- Problem to solve
Every line below between the line holding "Variable n : nat." and the line holding "Definition inK i := (1 <= i <= n)%N.", inclusive, should be repeated exactly, and all other lines omitted.

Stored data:
(* Let $1\le i,j,k,l\le n$ with $i<j$ and $k<l$. In ${\boldsymbol U}_{v}(\mathfrak q_n)$: if $i<j<k<l$, or $i<k<l<j$, or ($i=k$ and $j=l$), or $k<l<i<j$, or $k<i<j<l$, then $\mathsf E_{i,j}\overline{\mathsf E}_{k,l}=\overline{\mathsf E}_{k,l}\mathsf E_{i,j}$; moreover \[ \mathsf E_{i,j}\overline{\mathsf E}_{k,l}=\begin{cases} v^{-1}\overline{\mathsf E}_{k,l}\mathsf E_{i,j}-\overline{\mathsf E}_{i,l} & (i<j=k<l),\\ v\,\overline{\mathsf E}_{k,l}\mathsf E_{i,j} & (i=k<j<l),\\ \overline{\mathsf E}_{k,l}\mathsf E_{i,j}+(v-v^{-1})\mathsf E_{k,j}\overline{\mathsf E}_{i,l} & (i<k<j<l),\\ v^{-1}\overline{\mathsf E}_{k,l}\mathsf E_{i,j}+\overline{\mathsf E}_{i,j}\mathsf E_{k,j}-v^{-1}\mathsf E_{k,j}\overline{\mathsf E}_{i,j} & (i<k<j=l),\\ v^{-1}\overline{\mathsf E}_{k,l}\mathsf E_{i,j}-(\mathsf E_{\bar i}\mathsf E_{i+1,j}-v^{-1}\mathsf E_{i+1,j}\mathsf E_{\bar i})\mathsf E_{k,i}+v^{-1}\mathsf E_{k,i}(\mathsf E_{\bar i}\mathsf E_{i+1,j}-v^{-1}\mathsf E_{i+1,j}\mathsf E_{\bar i}) & (k<l=i<j,\ j>i+1),\\ v^{-1}\overline{\mathsf E}_{k,l}\mathsf E_{i,j} & (k=i<l<j),\\ \overline{\mathsf E}_{k,l}\mathsf E_{i,j}+v^{-1}\overline{\mathsf E}_{i,l}\mathsf E_{k,j}-v\,\mathsf E_{k,j}\overline{\mathsf E}_{i,l} & (k<i<l<j),\\ v\,\overline{\mathsf E}_{k,l}\mathsf E_{i,j}-v\,\mathsf E_{k,j}\overline{\mathsf E}_{i,j}+\overline{\mathsf E}_{i,j}\mathsf E_{k,j} & (k<i<j=l). \end{cases} \]
   Context: Let $v$ be an indeterminate. The quantum queer superalgebra ${\boldsymbol U}_{v}(\mathfrak q_n)$ is the associative superalgebra over $\mathbb Q(v)$ generated by even generators $\mathsf K_i,\mathsf K_i^{-1}$ ($1\le i\le n$), $\mathsf E_j,\mathsf F_j$ ($1\le j\le n-1$) and odd generators $\mathsf K_{\bar i}$ ($1\le i\le n$), $\mathsf E_{\bar j},\mathsf F_{\bar j}$ ($1\le j\le n-1$), subject to the following relations (indices are taken only where they make sense), where $(\epsilon_i,\alpha_j)=\delta_{i,j}-\delta_{i,j+1}$: (QQ1) $\mathsf K_i\mathsf K_i^{-1}=\mathsf K_i^{-1}\mathsf K_i=1$, $\mathsf K_i\mathsf K_j=\mathsf K_j\mathsf K_i$, $\mathsf K_i\mathsf K_{\bar j}=\mathsf K_{\bar j}\mathsf K_i$, $\mathsf K_{\bar i}\mathsf K_{\bar j}+\mathsf K_{\bar j}\mathsf K_{\bar i}=2\delta_{i,j}\frac{\mathsf K_i^2-\mathsf K_i^{-2}}{v^2-v^{-2}}$. (QQ2) $\mathsf K_i\mathsf E_j=v^{(\epsilon_i,\alpha_j)}\mathsf E_j\mathsf K_i$, $\mathsf K_i\mathsf E_{\bar j}=v^{(\epsilon_i,\alpha_j)}\mathsf E_{\bar j}\mathsf K_i$, $\mathsf K_i\mathsf F_j=v^{-(\epsilon_i,\alpha_j)}\mathsf F_j\mathsf K_i$, $\mathsf K_i\mathsf F_{\bar j}=v^{-(\epsilon_i,\alpha_j)}\mathsf F_{\bar j}\mathsf K_i$. (QQ3) $\mathsf K_{\bar i}\mathsf E_i-v\mathsf E_i\mathsf K_{\bar i}=\mathsf E_{\bar i}\mathsf K_i^{-1}$, $v\mathsf K_{\bar i}\mathsf E_{i-1}-\mathsf E_{i-1}\mathsf K_{\bar i}=-\mathsf K_i^{-1}\mathsf E_{\overline{i-1}}$, $\mathsf K_{\bar i}\mathsf F_i-v\mathsf F_i\mathsf K_{\bar i}=-\mathsf F_{\bar i}\mathsf K_i$, $v\mathsf K_{\bar i}\mathsf F_{i-1}-\mathsf F_{i-1}\mathsf K_{\bar i}=\mathsf K_i\mathsf F_{\overline{i-1}}$, $\mathsf K_{\bar i}\mathsf E_{\bar i}+v\mathsf E_{\bar i}\mathsf K_{\bar i}=\mathsf E_i\mathsf K_i^{-1}$, $v\mathsf K_{\bar i}\mathsf E_{\overline{i-1}}+\mathsf E_{\overline{i-1}}\mathsf K_{\bar i}=\mathsf K_i^{-1}\mathsf E_{i-1}$, $\mathsf K_{\bar i}\mathsf F_{\bar i}+v\mathsf F_{\bar i}\mathsf K_{\bar i}=\mathsf F_i\mathsf K_i$, $v\mathsf K_{\bar i}\mathsf F_{\overline{i-1}}+\mathsf F_{\overline{i-1}}\mathsf K_{\bar i}=\mathsf K_i\mathsf F_{i-1}$, and for $j\ne i,i-1$: $\mathsf K_{\bar i}\mathsf E_j=\mathsf E_j\mathsf K_{\bar i}$, $\mathsf K_{\bar i}\mathsf F_j=\mathsf F_j\mathsf K_{\bar i}$, $\mathsf K_{\bar i}\mathsf E_{\bar j}=-\mathsf E_{\bar j}\mathsf K_{\bar i}$, $\mathsf K_{\bar i}\mathsf F_{\bar j}=-\mathsf F_{\bar j}\mathsf K_{\bar i}$. (QQ4) $\mathsf E_i\mathsf F_j-\mathsf F_j\mathsf E_i=\delta_{i,j}\frac{\mathsf K_i\mathsf K_{i+1}^{-1}-\mathsf K_i^{-1}\mathsf K_{i+1}}{v-v^{-1}}$, $\mathsf E_{\bar i}\mathsf F_{\bar j}+\mathsf F_{\bar j}\mathsf E_{\bar i}=\delta_{i,j}\big(\frac{\mathsf K_i\mathsf K_{i+1}-\mathsf K_i^{-1}\mathsf K_{i+1}^{-1}}{v-v^{-1}}+(v-v^{-1})\mathsf K_{\bar i}\mathsf K_{\overline{i+1}}\big)$, $\mathsf E_i\mathsf F_{\bar j}-\mathsf F_{\bar j}\mathsf E_i=\delta_{i,j}(\mathsf K_{i+1}^{-1}\mathsf K_{\bar i}-\mathsf K_{\overline{i+1}}\mathsf K_i^{-1})$, $\mathsf E_{\bar i}\mathsf F_j-\mathsf F_j\mathsf E_{\bar i}=\delta_{i,j}(\mathsf K_{i+1}\mathsf K_{\bar i}-\mathsf K_{\overline{i+1}}\mathsf K_i)$. (QQ5) $\mathsf E_{\bar i}^2=-\frac{v-v^{-1}}{v+v^{-1}}\mathsf E_i^2$, $\mathsf F_{\bar i}^2=\frac{v-v^{-1}}{v+v^{-1}}\mathsf F_i^2$; for $|i-j|\ne1$: $\mathsf E_i\mathsf E_{\bar j}=\mathsf E_{\bar j}\mathsf E_i$, $\mathsf F_i\mathsf F_{\bar j}=\mathsf F_{\bar j}\mathsf F_i$; for $|i-j|>1$: $\mathsf E_i\mathsf E_j=\mathsf E_j\mathsf E_i$, $\mathsf F_i\mathsf F_j=\mathsf F_j\mathsf F_i$, $\mathsf E_{\bar i}\mathsf E_{\bar j}=-\mathsf E_{\bar j}\mathsf E_{\bar i}$, $\mathsf F_{\bar i}\mathsf F_{\bar j}=-\mathsf F_{\bar j}\mathsf F_{\bar i}$; $\mathsf E_i\mathsf E_{i+1}-v\mathsf E_{i+1}\mathsf E_i=\mathsf E_{\bar i}\mathsf E_{\overline{i+1}}+v\mathsf E_{\overline{i+1}}\mathsf E_{\bar i}$, $\mathsf E_i\mathsf E_{\overline{i+1}}-v\mathsf E_{\overline{i+1}}\mathsf E_i=\mathsf E_{\bar i}\mathsf E_{i+1}-v\mathsf E_{i+1}\mathsf E_{\bar i}$, $\mathsf F_i\mathsf F_{i+1}-v\mathsf F_{i+1}\mathsf F_i=-(\mathsf F_{\bar i}\mathsf F_{\overline{i+1}}+v\mathsf F_{\overline{i+1}}\mathsf F_{\bar i})$, $\mathsf F_i\mathsf F_{\overline{i+1}}-v\mathsf F_{\overline{i+1}}\mathsf F_i=\mathsf F_{\bar i}\mathsf F_{i+1}-v\mathsf F_{i+1}\mathsf F_{\bar i}$. (QQ6) for $|i-j|=1$: $\mathsf E_i^2X-(v+v^{-1})\mathsf E_iX\mathsf E_i+X\mathsf E_i^2=0$ for $X\in\{\mathsf E_j,\mathsf E_{\bar j}\}$ and $\mathsf F_i^2Y-(v+v^{-1})\mathsf F_iY\mathsf F_i+Y\mathsf F_i^2=0$ for $Y\in\{\mathsf F_j,\mathsf F_{\bar j}\}$. Quantum root vectors: for $1\le i\le n-1$ put $\mathsf E_{i,i+1}=\mathsf E_i$, $\overline{\mathsf E}_{i,i+1}=\mathsf E_{\bar i}$, $\mathsf E_{i+1,i}=\mathsf F_i$, $\overline{\mathsf E}_{i+1,i}=\mathsf F_{\bar i}$, and recursively for $i+1<j\le n$: $\mathsf E_{i,j}=-\mathsf E_{i,j-1}\mathsf E_{j-1}+v^{-1}\mathsf E_{j-1}\mathsf E_{i,j-1}$, $\overline{\mathsf E}_{i,j}=-\mathsf E_{i,j-1}\mathsf E_{\overline{j-1}}+v^{-1}\mathsf E_{\overline{j-1}}\mathsf E_{i,j-1}$, $\mathsf E_{j,i}=-\mathsf F_{j-1}\mathsf E_{j-1,i}+v\mathsf E_{j-1,i}\mathsf F_{j-1}$, $\overline{\mathsf E}_{j,i}=-\mathsf F_{\overline{j-1}}\mathsf E_{j-1,i}+v\mathsf E_{j-1,i}\mathsf F_{\overline{j-1}}$. *)

From HB Require Import structures.
From mathcomp Require Import all_boot all_order all_algebra.
Set Implicit Arguments.
Unset Strict Implicit.
Unset Printing Implicit Defensive.
Import Order.TTheory GRing.Theory Num.Theory.
Local Open Scope ring_scope.

Definition Qv : fieldType := {fraction {poly rat}}.
Definition vv : Qv := FracField.tofrac ('X : {poly rat}).

(* (epsilon_i, alpha_j) exponent:  v^{(eps_i,alpha_j)} *)
Definition vpw (i j : nat) : Qv :=
  if i == j then vv else if i == j.+1 then vv^-1 else 1.

Section Rels.
Variable A : algType Qv.
Variable n : nat.
(* Generators, indexed by natural numbers with the paper's 1-based
   conventions: K, Kinv, Kb (= K_bar) for 1 <= i <= n;
   E, F, Eb (= E_bar), Fb (= F_bar) for 1 <= j <= n-1.
   Values at other indices are irrelevant (no relation involves them). *)
Variables (K Ki Kb E F Eb Fb : nat -> A).

Definition inK i := (1 <= i <= n)%N.
Definition inE j := (1 <= j <= n.-1)%N.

- Task output
Variable n : nat.
(* Generators, indexed by natural numbers with the paper's 1-based
   conventions: K, Kinv, Kb (= K_bar) for 1 <= i <= n;
   E, F, Eb (= E_bar), Fb (= F_bar) for 1 <= j <= n-1.
   Values at other indices are irrelevant (no relation involves them). *)
Variables (K Ki Kb E F Eb Fb : nat -> A).

Definition inK i := (1 <= i <= n)%N.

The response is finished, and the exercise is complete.